See Voigt et al. 2002 and Silberg et al. 2004 for more information about SCHEMA energy.
The E_matrix attribute is a square matrix with the same size as the length of alignment. \(E_{rj}\) is Endelman et al. 2004 eq. 6. with the r and t sums removed and evaluated for average SCHEMA energy for a specific r and t:
\[E_{rj} = \frac{1}{p^2} \sum_{p \in parents} \sum_{q \in parents} C(r, j) * D(p[r], q[j]).\]Then eq. 6 can be evaluated for a new block starting at position X_k by summing over \(E\) as in the block_energy method:
\[\langle E \rangle_{(X_1, X_2, ..., X_{k-1}, X_k)} \langle E \rangle_{(X_1, X_2, ..., X_{k-1})} = \sum_{r=X_{k-1}}^{X_k-1} \sum_{t=X_k}^{N-1} E_{rj}.\]Note the sums are decremented by one compared to eq. 6 as it appears in Endelman et al 2004. This was done to better reflect Python indexing.

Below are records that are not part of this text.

(* Let $T$ be a monoidal monad on $\mathbf{Set}$ and $n\geq 2$. If $T$ is $n$-relevant and affine, then $T$ is relevant.
   Context: A monoidal monad on $\mathbf{Set}$ is a monad with natural $\psi_{X,Y}\colon TX\times TY\to T(X\times Y)$ making it lax monoidal with $\psi^0=\eta_1$ and with $\eta,\mu$ monoidal; $\psi^n$ is its $n$-ary version. $T$ is affine if $T1$ is a one-element set (equivalently $\langle T\pi_1,T\pi_2\rangle\circ\psi_{A,B}=\mathrm{id}_{TA\times TB}$ for all $A,B$). $T$ is $n$-relevant if $\psi^n\circ\Delta^n_{TA}=T\Delta^n_A$ for all sets $A$, where $\Delta^n_X\colon X\to X^n$ is the diagonal; relevant means $2$-relevant. *)

(* monoidal monads on Set, with Set modelled by Rocq's Type and
   equality of morphisms taken pointwise. *)

Set Implicit Arguments.

Record MonoidalMonad : Type := {
  T :> Type -> Type;
  fmap : forall (X Y : Type), (X -> Y) -> T X -> T Y;
  eta : forall X : Type, X -> T X;
  mu : forall X : Type, T (T X) -> T X;
  psi : forall X Y : Type, T X * T Y -> T (X * Y);
  fmap_id : forall X (t : T X), fmap (fun x => x) t = t;
  fmap_comp : forall X Y Z (f : X -> Y) (g : Y -> Z) (t : T X),
      fmap (fun x => g (f x)) t = fmap g (fmap f t);
  eta_nat : forall X Y (f : X -> Y) (x : X), fmap f (eta x) = eta (f x);
  mu_nat : forall X Y (f : X -> Y) (m : T (T X)),
      fmap f (mu m) = mu (fmap (fmap f) m);
  mu_eta_l : forall X (t : T X), mu (eta t) = t;
  mu_eta_r : forall X (t : T X), mu (fmap (@eta X) t) = t;
  mu_assoc : forall X (m : T (T (T X))), mu (mu m) = mu (fmap (@mu X) m);
  psi_nat : forall X X' Y Y' (f : X -> X') (g : Y -> Y') (a : T X) (b : T Y),
      psi (fmap f a, fmap g b) = fmap (fun p => (f (fst p), g (snd p))) (psi (a, b));
  (* lax monoidal coherence: associativity and unit laws, with psi^0 = eta_1 *)
  psi_assoc : forall X Y Z (a : T X) (b : T Y) (c : T Z),
      fmap (fun p => (fst (fst p), (snd (fst p), snd p))) (psi (psi (a, b), c))
      = psi (a, psi (b, c));
  psi_unit_l : forall X (b : T X), fmap (@snd unit X) (psi (eta tt, b)) = b;
  psi_unit_r : forall X (a : T X), fmap (@fst X unit) (psi (a, eta tt)) = a;
  eta_monoidal : forall X Y (x : X) (y : Y), psi (eta x, eta y) = eta (x, y);
  mu_monoidal : forall X Y (a : T (T X)) (b : T (T Y)),
      mu (fmap (@psi X Y) (psi (a, b))) = psi (mu a, mu b)
}.

Arguments fmap {m0 X Y}.
Arguments eta {m0 X}.
Arguments mu {m0 X}.
Arguments psi {m0 X Y}.

Fixpoint tpow (X : Type) (n : nat) : Type :=
  match n with
  | 0 => unit
  | S k => match k with
           | 0 => X
           | S _ => X * tpow X k
           end
  end.

Fixpoint diag (X : Type) (n : nat) : X -> tpow X n :=
  match n as n0 return X -> tpow X n0 with
  | 0 => fun _ => tt
  | S k => match k as k0 return (X -> tpow X k0) -> X -> tpow X (S k0) with
           | 0 => fun _ x => x
           | S _ => fun d x => (x, d x)
           end (@diag X k)
  end.
Arguments diag : clear implicits.

Fixpoint psin (M : MonoidalMonad) (X : Type) (n : nat) : tpow (M X) n -> M (tpow X n) :=
  match n as n0 return tpow (M X) n0 -> M (tpow X n0) with
  | 0 => fun _ => eta tt
  | S k => match k as k0 return (tpow (M X) k0 -> M (tpow X k0)) ->
                                tpow (M X) (S k0) -> M (tpow X (S k0)) with
           | 0 => fun _ t => t
           | S _ => fun p ts => psi (fst ts, p (snd ts))
           end (@psin M X k)
  end.
Arguments psin : clear implicits.

Definition affine (M : MonoidalMonad) : Prop :=
  exists u : M unit, forall v : M unit, v = u.

Definition n_relevant (M : MonoidalMonad) (n : nat) : Prop :=
  forall (A : Type) (t : M A), psin M A n (diag (M A) n t) = fmap (diag A n) t.

Definition relevant (M : MonoidalMonad) : Prop := n_relevant M 2.

From Stdlib Require Import Lia.

(* For affine T the projection T(X x Y) -> TX undoes psi, since T1 = {eta tt}
   turns the right unit law of psi into a projection law.  Projecting the
   identity psi^n o Delta^n = T Delta^n onto the first two factors then leaves
   exactly psi o Delta^2 = T Delta^2. *)

Section AffineMonad.

Variable M : MonoidalMonad.
Hypothesis M_affine : affine M.

Lemma fmap_fst_psi (X Y : Type) (a : M X) (b : M Y) :
  fmap (@fst X Y) (psi (a, b)) = a.
Proof.
  destruct M_affine as [u all_u].
  transitivity (fmap (@fst X unit) (fmap (fun p : X * Y => (fst p, tt)) (psi (a, b)))).
  - rewrite <- fmap_comp. reflexivity.
  - change (fun p : X * Y => (fst p, tt))
      with (fun p : X * Y => ((fun x : X => x) (fst p), (fun _ : Y => tt) (snd p))).
    rewrite <- psi_nat, fmap_id.
    rewrite (all_u (fmap (fun _ : Y => tt) b)), <- (all_u (eta tt)).
    apply psi_unit_r.
Qed.

Lemma fmap_fst_snd_psi (X Y Z : Type) (a : M X) (b : M Y) (c : M Z) :
  fmap (fun p : X * (Y * Z) => (fst p, fst (snd p))) (psi (a, psi (b, c))) = psi (a, b).
Proof.
  rewrite <- psi_assoc, <- fmap_comp.
  change (fun x : X * Y * Z => (fst (fst x), snd (fst x)))
    with (fun x : X * Y * Z => (fun q : X * Y => (fst q, snd q)) (fst x)).
  rewrite (fmap_comp _ (@fst (X * Y) Z) (fun q : X * Y => (fst q, snd q))), fmap_fst_psi.
  change (fun q : X * Y => (fst q, snd q))
    with (fun q : X * Y => ((fun x : X => x) (fst q), (fun y : Y => y) (snd q))).
  rewrite <- psi_nat, !fmap_id.
  reflexivity.
Qed.

End AffineMonad.

Theorem proposition5 (M : MonoidalMonad) (n : nat) :
  2 <= n -> n_relevant M n -> affine M -> relevant M.
Proof.
  intros n_ge2 M_rel M_affine.
  destruct n as [| [| [| j]]]; try lia.
  - exact M_rel.
  - intros A t.
    specialize (M_rel A t).
    apply (f_equal (fmap (fun p : A * (A * tpow A (S j)) => (fst p, fst (snd p))))) in M_rel.
    cbn in M_rel.
    rewrite fmap_fst_snd_psi, <- fmap_comp in M_rel by exact M_affine.
    exact M_rel.
Qed.
Definition Splus_adj (n k : nat) : rel 'I_n :=
  fun i j => @S_adj n k i j ||
    ((((i : nat) == k) && ((j : nat) == k.+1)) ||
     (((i : nat) == k.+1) && ((j : nat) == k))).
Arguments S_adj n k : clear implicits.
Arguments Splus_adj n k : clear implicits.

From HB Require Import structures.
From mathcomp Require Import all_boot all_order all_algebra.
From mathcomp Require Import ring lra zify.
Set Implicit Arguments. Unset Strict Implicit. Unset Printing Implicit Defensive.
Import Order.TTheory GRing.Theory Num.Theory.
Local Open Scope ring_scope.
Lemma deg_le_snd : deg_le 1 (fun p : V => p.2).
Proof. by apply: deg_le1_linear => // p; exact: cvg_snd. Qed.

Lemma deg_le_coord i : deg_le 1 (fun p : V => p.1 ord0 i).
Proof.
apply: deg_le1_linear => [p|k u w]; last by rewrite !mxE.
apply: (@continuous_comp _ _ _ fst (fun x : 'rV[R]_d => x ord0 i)).
  exact: cvg_fst.
exact: coord_continuous.
Qed.

Definition penalty_poly (al ga ka : R) (y : 'rV[R]_d) (p : V) : R :=
  al + ga * p.2 ^+ 2 + ka * \sum_(i < d) (p.1 ord0 i - y ord0 i) ^+ 2.

Lemma deg_le_penalty_poly al ga ka y : deg_le 2 (penalty_poly al ga ka y).
Proof.
have affine i : deg_le 1 (fun p : V => p.1 ord0 i - y ord0 i).
  exact: deg_leD (deg_le_coord i) (deg_le_cst 1 _).
have square i := deg_leM (affine i) (affine i).
exact: deg_leD (deg_leD (deg_le_cst 2 al) (deg_leZ ga (deg_leM deg_le_snd deg_le_snd)))
               (deg_leZ ka (deg_le_sum square)).
Qed.

Definition box_penalty (de : R) (y x : 'rV[R]_d) : R :=
  \sum_(i < d) sqr_cap de (x ord0 i - y ord0 i).

Lemma box_penalty_ge0 de y x : 0 <= box_penalty de y x.
Proof. by apply: sumr_ge0 => i _; exact: sqr_cap_ge0. Qed.

Lemma box_penalty_center de y : box_penalty de y y = 0.
Proof. by apply: big1 => i _; rewrite subrr /sqr_cap expr0n /= min_l // sqr_ge0. Qed.

Lemma box_penalty_far de (y x : 'rV[R]_d) i :
  0 <= de -> de <= `|x ord0 i - y ord0 i| -> de ^+ 2 <= box_penalty de y x.
Proof.
move=> de0 far; rewrite /box_penalty (bigD1 i) //= sqr_cap_large // lerDl.
by apply: sumr_ge0 => j _; exact: sqr_cap_ge0.
Qed.

Definition penalty (al ga L ka de : R) (y : 'rV[R]_d) (p : V) : R :=
  al + ga * sqr_linext L p.2 + ka * box_penalty de y p.1.
Lemma box_uniq : uniq box.
Proof. exact: undup_uniq. Qed.

Lemma mem_box I : hdeg G I < delta -> I \in box.
Proof.
move=> hI; have lt_bound j : (I j < Num.bound delta)%N.
  rewrite -(ltr_nat R) (le_lt_trans (hdeg_ge_coord G I j)) // (lt_trans hI) //.
  exact/archi_boundP/ltW.
rewrite mem_undup; apply/mapP; exists [ffun j => Ordinal (lt_bound j)]; first by rewrite mem_enum.
by apply/ffunP => j; rewrite !ffunE.
Qed.

Definition XI_bound := \sum_(I <- box) \sum_(J <- box) `|XImono0 q I J|.

Definition estimate_cst :=
  \sum_(I <- box) (1 + XI_bound) ^+ (mdeg (mono I)).+1 * N (hdeg G I) (mi_basis R I).

Lemma XI_bound_ge0 : 0 <= XI_bound.
Proof. by apply: sumr_ge0 => I _; apply: sumr_ge0. Qed.

Section Coefficients.
Variables (P : mi d -> R) (eps : R).
Hypothesis P_lt : in_Tlt G delta P.
Hypothesis XI_P : forall I, hdeg G I < delta ->
  `|XI G I (Pi_e P) 0| <= powR eps (delta - hdeg G I).

Local Notation B := XI_bound.
Local Notation pw I := (powR eps (delta - hdeg G I)).

Lemma supp_box J : P J != 0 -> J \in box.
Proof. by move/P_lt; exact: mem_box. Qed.

Lemma off_diag_bound n c I : I \in box -> 0 <= c -> (mdeg (mono I) <= n)%N ->
  (forall J, (mdeg (mono J) < n)%N -> `|P J| <= c * pw J) ->
  `|\sum_(J <- box | J != I) P J * XImono0 q I J| <= B * (c * pw I).
Proof.
move=> Ibox c_ge0 hI ih; apply: le_trans (ler_norm_sum _ _ _) _.
apply: (@le_trans _ _ (\sum_(J <- box | J != I) c * pw I * `|XImono0 q I J|)).
  apply: ler_sum => J JI; rewrite normrM.
  have [->|nzM] := eqVneq (XImono0 q I J) 0; first by rewrite normr0 !mulr0.
  have [lt hd] := XImono0_off_diag mul_meval JI nzM.
  by rewrite ler_wpM2r // -hd ih // (leq_trans lt).
rewrite -mulr_sumr mulrC ler_wpM2r ?mulr_ge0 ?powR_ge0 //.
apply: (@le_trans _ _ (\sum_(J <- box) `|XImono0 q I J|)).
  by rewrite [X in _ <= X](bigD1_seq I) ?box_uniq //= lerDr.
rewrite /XI_bound [X in _ <= X](bigD1_seq I) ?box_uniq //= lerDl.
by apply: sumr_ge0 => i _; exact: sumr_ge0.
Qed.

Lemma coef_bound n I : (mdeg (mono I) < n)%N -> `|P I| <= (1 + B) ^+ n * pw I.
Proof.
have B1_ge0 : 0 <= 1 + B by rewrite addr_ge0 ?XI_bound_ge0.
elim: n I => [//|n ih] I hI.
have [->|nzI] := eqVneq (P I) 0; first by rewrite normr0 mulr_ge0 ?exprn_ge0 ?powR_ge0.
have e := XI_Pi_e0 mul_meval I box_uniq supp_box.
rewrite (bigD1_seq I) ?box_uniq ?supp_box //= in e; set S := \sum_(J <- _ | _) _ in e.
have diag : 1 <= XImono0 q I I.
  rewrite (XImono0_mdeg_eq mul_meval) // eqxx mul1r ler1n prodn_gt0 // => i.
  exact: fact_gt0.
have PI_le : `|P I| <= `|XI G I (Pi_e P) 0| + `|S|.
  apply: le_trans (ler_normB _ S); rewrite e addrK normrM.
  by rewrite (ger0_norm (le_trans ler01 diag)) ler_peMr.
have -> : (1 + B) ^+ n.+1 * pw I = (1 + B) ^+ n * pw I + B * ((1 + B) ^+ n * pw I).
  by rewrite exprS; ring.
apply: le_trans PI_le (lerD _ (off_diag_bound (supp_box nzI) _ hI ih)).
  apply: le_trans (XI_P (P_lt nzI)) _.
  by rewrite ler_peMl ?powR_ge0 // exprn_ege1 // lerDl XI_bound_ge0.
exact: exprn_ge0.
Qed.

Lemma Tcomp_bound a : N a (Tcomp G a P) <= estimate_cst * powR eps (delta - a).
Proof.
have Ta : in_grade G a (Tcomp G a P) by move=> I /negPf; rewrite /Tcomp => ->.
apply: le_trans (grade_norm_le_coef (hN a) Ta _ box_uniq) _ => [K|].
  by rewrite /Tcomp; case: ifP => _; [exact: supp_box | rewrite eqxx].
rewrite /estimate_cst mulr_suml; apply: ler_sum => I _; rewrite /Tcomp.
have N_ge0 : 0 <= N (hdeg G I) (mi_basis R I).
  by apply: (grade_norm_ge0 (hN _)); exact: in_grade_mi_basis.
have [<-|_] := eqVneq (hdeg G I) a; last first.
  by rewrite normr0 mul0r !mulr_ge0 ?exprn_ge0 ?addr_ge0 ?XI_bound_ge0 ?powR_ge0.
by rewrite mulrAC ler_wpM2r //; exact: coef_bound.
Qed.

End Coefficients.

End Estimate.

Theorem lemma3p9 (R : realType) (d : nat) (G : homgroup R d) (delta : R)
  (N : R -> (mi d -> R) -> R) (hN : forall a, grade_norm G a (N a)) :
  0 < delta ->
  exists C : R, forall (P : mi d -> R) (eps : R),
    in_Tlt G delta P -> 0 <= eps <= 1 ->
    (forall I : mi d, hdeg G I < delta ->
       `| XI G I (Pi_e P) 0 | <= powR eps (delta - hdeg G I)) ->
    forall a : R, a <= delta -> N a (Tcomp G a P) <= C * powR eps (delta - a).
Proof.
move=> delta_gt0; have [q mul_meval] := boolp.choice (hg_poly G).
exists (estimate_cst G q delta N) => P eps P_lt _ XI_P a _.
exact: Tcomp_bound.
Qed.
Lemma ker_XsubC_orth (e : int) r k y w : e * e = 1 -> (0 < k)%N ->
  int_in_ideal ('X - e%:P) r k -> y *m evalQ ('X - e%:P) = 0 -> w *m evalQ r = 0 ->
  bform B y w = 0.
Proof.
move=> ee k_gt0 [a [c kE]] y_ker w_ker.
have : k%:R * bform B y w = 0.
  rewrite -bformZr (bezout_scale_ker kE w_ker) bformC // evalQ_XsubC.
  by rewrite bform_im_ker // -?intrM ?ee // -evalQ_XsubC.
by move/eqP; rewrite mulf_eq0 pnatr_eq0 eqn0Ngt k_gt0 => /eqP.
Qed.

Lemma ker_X2sub1_orth p k y w : (0 < k)%N -> int_in_ideal p (('X - 1) * ('X + 1)) k ->
  y *m evalQ p = 0 -> w *m evalQ (('X - 1) * ('X + 1)) = 0 -> bform B y w = 0.
Proof.
move=> k_gt0 bez y_ker w_ker.
have orth e h : e * e = 1 -> int_in_ideal p (h * ('X - e%:P)) k ->
    forall v, v *m evalQ ('X - e%:P) = 0 -> bform B y v = 0.
  move=> ee /int_in_ideal_mulr /int_in_idealC bez_e v v_ker.
  by rewrite bformC //; apply: ker_XsubC_orth bez_e v_ker y_ker.
have w2 : 2%:R *: w = w *m evalQ ('X + 1) - w *m evalQ ('X - 1).
  have twoE : ('X + 1) - ('X - 1) = 2%:R%:P :> {poly int} by rewrite polyC_natr; ring.
  by rewrite -mulmxBr -map_mxB -rmorphB /= twoE evalQ_nat mul_mx_scalar.
have : 2%:R * bform B y w = 0.
  rewrite -bformZr w2 bformDr bformNr (orth 1 ('X + 1)) ?(orth (-1) ('X - 1)) ?subrr //.
  - by rewrite polyCN polyC1 opprK.
  - by rewrite polyCN polyC1 opprK -mulmxA -evalQM.
  - by rewrite polyC1 mulrC.
  - by rewrite polyC1 -mulmxA -evalQM mulrC.
by move/eqP; rewrite mulf_eq0 pnatr_eq0 => /eqP.
Qed.

Lemma inQspan_kerL p y : inQspan (kerL g p) y -> y *m evalQ p = 0.
Proof.
case=> d [d_gt0 [x [x_ker xE]]].
have : (d%:R *: y) *m evalQ p = 0 by rewrite -xE /ratv -map_mxM x_ker map_mx0.
by rewrite -scalemxAl => /eqP; rewrite scalemx_eq0 pnatr_eq0 eqn0Ngt d_gt0 => /eqP.
Qed.

Lemma kerL_ratv p x : ratv x *m evalQ p = 0 -> kerL g p x.
Proof. by move=> x_ker; apply: map_mx_intr_inj; rewrite map_mxM map_mx0. Qed.

Hypothesis unimod : unimodular B (@fullL n.+1).

Lemma kerL_elementary p r k : horner_mx g (p * r) = 0 -> int_in_ideal p r k ->
  (forall y w, y *m evalQ p = 0 -> w *m evalQ r = 0 -> bform B y w = 0) ->
  elementary B (kerL g p) k.
Proof.
move=> pr_ann [a [c kE]] orth y [y_span y_int].
have y_ker := inQspan_kerL y_span.
have ann q : evalQ (q * (p * r)) = 0 by rewrite evalQM pr_ann map_mx0 mulmx0.
have ky_span : inQspan (@fullL n.+1) (k%:R *: y).
  case: y_span => d [d_gt0 [x [_ xE]]]; exists d; split=> //.
  exists (k%:R *: x); split=> //.
  by rewrite /ratv map_mxZ /= -/(ratv x) xE rmorph_nat !scalerA mulrC.
have ky_int z : fullL z -> bform B (k%:R *: y) (ratv z) \is a Num.int.
  move=> _; rewrite bformZl -bformZr.
  have -> : k%:R *: ratv z = ratv z *m evalQ (a * p) + ratv z *m evalQ (c * r).
    by rewrite -mulmxDr -map_mxD -rmorphD -kE evalQ_nat mul_mx_scalar.
  rewrite bformDr orth ?add0r //; last by rewrite -mulmxA -evalQM -mulrA ann mulmx0.
  rewrite -map_mxM; apply: y_int.
  by apply: kerL_ratv; rewrite /ratv map_mxM -mulmxA -evalQM -mulrA [r * p]mulrC ann mulmx0.
have [x [_ xE]] := unimod (conj ky_span ky_int).
exists x; split; last by rewrite xE scale1r.
by apply: kerL_ratv; rewrite xE scale1r -scalemxAl y_ker scaler0.
Qed.

Lemma kerL_XsubC_elementary (e : int) r k : e * e = 1 ->
  horner_mx g (('X - e%:P) * r) = 0 -> int_in_ideal ('X - e%:P) r k ->
  elementary B (kerL g ('X - e%:P)) k.
Proof.
move=> ee ann bez; have [->|k_gt0] := posnP k; first exact: kerL_elementary0.
exact: kerL_elementary ann bez (fun y w => ker_XsubC_orth ee k_gt0 bez).
Qed.

Lemma kerL_X2sub1_elementary p k : horner_mx g (p * (('X - 1) * ('X + 1))) = 0 ->
  int_in_ideal p (('X - 1) * ('X + 1)) k -> elementary B (kerL g p) k.
Proof.
move=> ann bez; have [->|k_gt0] := posnP k; first exact: kerL_elementary0.
exact: kerL_elementary ann bez (fun y w => ker_X2sub1_orth k_gt0 bez).
Qed.

Lemma cyclotomic_bezout_elementary m k0 k1 k2 :
  horner_mx g (('X - 1) * ('X + 1) * 'Phi_m) = 0 -> cyclotomic_bezout m k0 k1 k2 ->
  [/\ elementary B (kerL g 'Phi_m) k0, elementary B (kerL g ('X - 1)) k1
    & elementary B (kerL g ('X + 1)) k2].
Proof.
move=> ann [bez0 bez1 bez2]; split.
- by apply: kerL_X2sub1_elementary bez0; rewrite mulrC.
- rewrite -polyC1 in bez1 *; apply: kerL_XsubC_elementary bez1 => //.
  by rewrite polyC1 mulrA.
- have XaddE : 'X + 1 = 'X - (-1)%:P :> {poly int} by rewrite polyCN polyC1 opprK.
  rewrite XaddE in bez2 *; apply: kerL_XsubC_elementary bez2 => //.
  by rewrite -XaddE mulrA [_ * (_ - 1)]mulrC.
Qed.

End Isometry.

Theorem proposition2p6 (m n : nat) (B g : 'M[int]_n.+1) :
  (3 <= m)%N -> ~~ odd m ->
  B^T = B -> \det B != 0 ->
  is_isometry B g ->
  minpolyZ g = map_poly intr ('Phi_1 * 'Phi_2 * 'Phi_m) ->
  unimodular B (@fullL n.+1) ->
  [/\ (exists k : nat, m = 2 ^ k)%N ->
        [/\ elementary B (kerL g 'Phi_m) 2,
            elementary B (kerL g ('X - 1)) 4 &
            elementary B (kerL g ('X + 1)) 4],
      (forall p k : nat, prime p -> odd p -> m = (2 * p ^ k)%N ->
          [/\ elementary B (kerL g 'Phi_m) p,
              elementary B (kerL g ('X + 1)) (2 * p) &
              elementary B (kerL g ('X - 1)) 2])
    & ~ (exists k : nat, m = 2 ^ k)%N ->
      ~ (exists p k : nat, [/\ prime p, odd p & m = 2 * p ^ k]%N) ->
        [/\ unimodular B (kerL g 'Phi_m),
            elementary B (kerL g ('X - 1)) 2 &
            elementary B (kerL g ('X + 1)) 2]].
Proof.
(* nondegeneracy of B is implied by unimodularity *)
move=> m_ge3 m_even B_sym _ g_isom g_minpoly unimod.
have ann : horner_mx g (('X - 1) * ('X + 1) * 'Phi_m) = 0.
  by apply: horner_mx_minpolyZ; rewrite -Cyclotomic1 -Cyclotomic2.
have elem := cyclotomic_bezout_elementary B_sym g_isom unimod ann.
split.
- by case=> k mE; subst m; apply/elem/cyclotomic_bezout_pow2.
- move=> p k p_pr p_odd mE; subst m.
  by have [] := elem _ _ _ (cyclotomic_bezout_2pk p_pr p_odd m_ge3).
- move=> not_pow2 not_2pk; apply/elem/cyclotomic_bezout_generic => //.
  exact: leq_trans m_ge3.
Qed.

Finally, a computational speed up is to sequentially calculate the energy of a new block starting at each \(X_k\) given the energy of a new block at position \(X_k - 1\). This is implemented in the increment_block_energy method.
- Parameters
parents (
_ParentSequences) – Parent sequences for recombination. Must be aligned and have pdb_structure attribute. Note that the SCHEMA object is initialized for the ParentSequences at that point in time, so if parents changes, the SCHEMA object will NOT change also.- Attributes
E_matrix (np.ndarray) – Energy matrix corresponding to input ParentSequences’ alignment and contacts.
parents – Parent sequences for recombination.
- Raises
ValueError – If input ParentSequences is not aligned or does not have the pdb_structure attribute on initialization.